「プーチンは“ウクライナが独立していることが気に入らない”」
兵力でも火力でも5分の1以下のウクライナが戦えるのは、西側の支援と“祖国を守る”という国民の士気の高さだ。だが反転攻勢の成果が出ず、東部ではロシア軍が夥しい被害を出しながらもじりじりと迫ってくる。すると西側から「莫大な支援しても成果がないじゃないか」という不満が募り、支援が先細る可能性も考えられる。そして、ウクライナ人の士気にかかわる不安な調査結果があった。

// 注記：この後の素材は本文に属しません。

(* Let $\mathcal C$ be a clustering problem (with $|\mathcal X|\ge2$), let $t\in\mathbb N$, and let $N_1,\dots,N_K\ge1$ be integers with $\sum_iN_i=t$. For each $i\in[K]$ let $\tilde x_i=(\tilde x_{i,1},\dots,\tilde x_{i,N_i})\in\mathcal X^{N_i}$, let $\hat P_i$ be its empirical distribution, $\hat P=(\hat P_1,\dots,\hat P_K)$, and $w=(N_1/t,\dots,N_K/t)$. For $\sigma\in\mathcal C$ let $L_\sigma=\sup_{Q\in\Lambda_\sigma}\prod_{i=1}^K\prod_{n=1}^{N_i}Q_i(\tilde x_{i,n})$, and for $\sigma_1,\sigma_2\in\mathcal C$ let $Z_{\sigma_1,\sigma_2}=\log\frac{L_{\sigma_1}}{L_{\sigma_2}}$. Let $\hat\sigma\in\arg\min_{\sigma\in\mathcal C}g_{\hat P}^\sigma(w)$. Then each $L_\sigma\in(0,\infty)$ and $$\max_{\sigma\in\mathcal C}\min_{\sigma'\in\mathcal C\setminus\{\sigma\}}Z_{\sigma,\sigma'}=t\,G_{\hat P}^{\hat\sigma}(w)-t\,g_{\hat P}^{\hat\sigma}(w),$$ and the maximum on the left-hand side is attained at $\sigma=\hat\sigma$.
   Context: Framework. Let $\mathcal X$ be a finite alphabet with $|\mathcal X|\ge2$, $\mathcal P(\mathcal X)$ the set of probability distributions on $\mathcal X$, and $K\ge2$ an integer (number of arms); $[n]=\{1,\dots,n\}$. A hypothesis is a collection $\sigma=\{\mathcal A_1^\sigma,\dots,\mathcal A_{M_\sigma}^\sigma\}$ ($M_\sigma\ge1$) of pairwise disjoint subsets of $[K]$, each of cardinality at least 2 (clusters); let $\mathcal A^\sigma_{M_\sigma+1}=[K]\setminus\bigcup_{m\le M_\sigma}\mathcal A_m^\sigma$ (unconstrained group, possibly empty). $\Lambda_\sigma$ is the set of $P\in\mathcal P(\mathcal X)^K$ with $P_i=P_j$ whenever $i,j\in\mathcal A_m^\sigma$ for some $m\le M_\sigma$, and $P_i\neq P_j$ whenever $i\in\mathcal A_{m_1}^\sigma$, $j\in\mathcal A_{m_2}^\sigma$ with $m_1\ne m_2\in[M_\sigma+1]$. A clustering problem is a finite set $\mathcal C$ of hypotheses with $|\mathcal C|\ge2$. Functions. $D(P\|Q)$ is the KL divergence. For $\mathcal A\subseteq[K]$, $G(P_{\mathcal A},w_{\mathcal A})=0$ if $w_i=0$ for all $i\in\mathcal A$, and otherwise $G(P_{\mathcal A},w_{\mathcal A})=\sum_{i\in\mathcal A}w_iD(P_i\|W)$ with $W=\sum_{i\in\mathcal A}w_iP_i/\sum_{i\in\mathcal A}w_i$. For $\sigma\in\mathcal C$, $g_P^\sigma(w)=\sum_{m=1}^{M_\sigma}G(P_{\mathcal A_m^\sigma},w_{\mathcal A_m^\sigma})$ and $G_P^\sigma(w)=\min_{\sigma'\in\mathcal C\setminus\{\sigma\}}g_P^{\sigma'}(w)$. The empirical distribution of $x^n$ is $\hat P_{x^n}(a)=\frac1n\sum_{k=1}^n1\{x_k=a\}$. *)

From HB Require Import structures.
From mathcomp Require Import all_boot all_order all_algebra.
From mathcomp Require Import all_classical all_reals all_analysis.
Set Implicit Arguments. Unset Strict Implicit. Unset Printing Implicit Defensive.
Import Order.TTheory GRing.Theory Num.Theory.
Local Open Scope ring_scope.
Local Open Scope classical_set_scope.

Section Defs.
Variables (R : realType) (X : finType) (K : nat).

Definition is_dist (P : {ffun X -> R}) : Prop :=
  (forall a, 0 <= P a) /\ \sum_(a : X) P a = 1.

Definition is_hypothesis (s : {set {set 'I_K}}) : Prop :=
  (0 < #|s|)%N /\ finset.trivIset s /\ (forall A, A \in s -> (1 < #|A|)%N).

Definition same_cluster (s : {set {set 'I_K}}) (i j : 'I_K) : Prop :=
  exists2 A, A \in s & (i \in A) && (j \in A).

ウクライナの独立系調査機関『レイティング』が11月に行った世論調査で「交渉による戦争終結を望む」と答えた人が今年2月には35%だったのに対し44%に増えた。さらに別の調査で「領土を諦めても構わない」と答えた人は去年12月には8%だったのに対し、今年12月には19%と大幅に増えた。やはりウクライナ国民の間にも“戦争疲れ”が広まりつつある。

東京大学先端科学研究センター 小泉悠 准教授
「領土の奪還は難しいということが6月以降わかってきた。なのでこういう声が出てくるのもわかる。ただこの人たちに『主権を諦めても構わない?』って聞いても同じ答えかっていうと私はそうは思わない。プーチンは“ウクライナが独立していることが気に入らない”。領土を10%あげたら、25%あげたら満足するかっていうとそうじゃないと思う。キーウにロシアに従順な政府ができる。あるいはウクライナがロシアの一部になっちゃう…、じゃないと満足しない」
「ロシアの言い出す“停戦”は、戦力を立て直すための騙しの期間でしかない」
一方、ニューヨークタイムズは“プーチン大統領、停戦を示唆”と報じた。「ウクライナの東・南部4州の占領地域を維持したうえで停戦に前向きな姿勢を示している」と複数のルートを通じてアメリカに伝えられたという。しかし、秋元氏はこの話を一刀両断する。

英国王立防衛安全保障研究所 秋元千明 日本特別代表
「ロシアの“停戦”だとか“平和協定”は信用してはいけない。戦力を立て直すための騙しの期間でしかない。近年で例を挙げてもシリアでも停戦協定結びましたが、戦線を構築して自分たちの都合のいいタイミングで交戦を再開した。チェチェンでもそうですね…(中略)歴史を見ればわかる。ロシアの停戦協定は相手をだまらせておいて、その間に自分たちの新しい戦力を組み立て、次のフェーズに入るための道具にしている…。ロシアの言い出す停戦は全く信用しない。これ常識」
(BS-TBS『報道1930』12月26日放送より)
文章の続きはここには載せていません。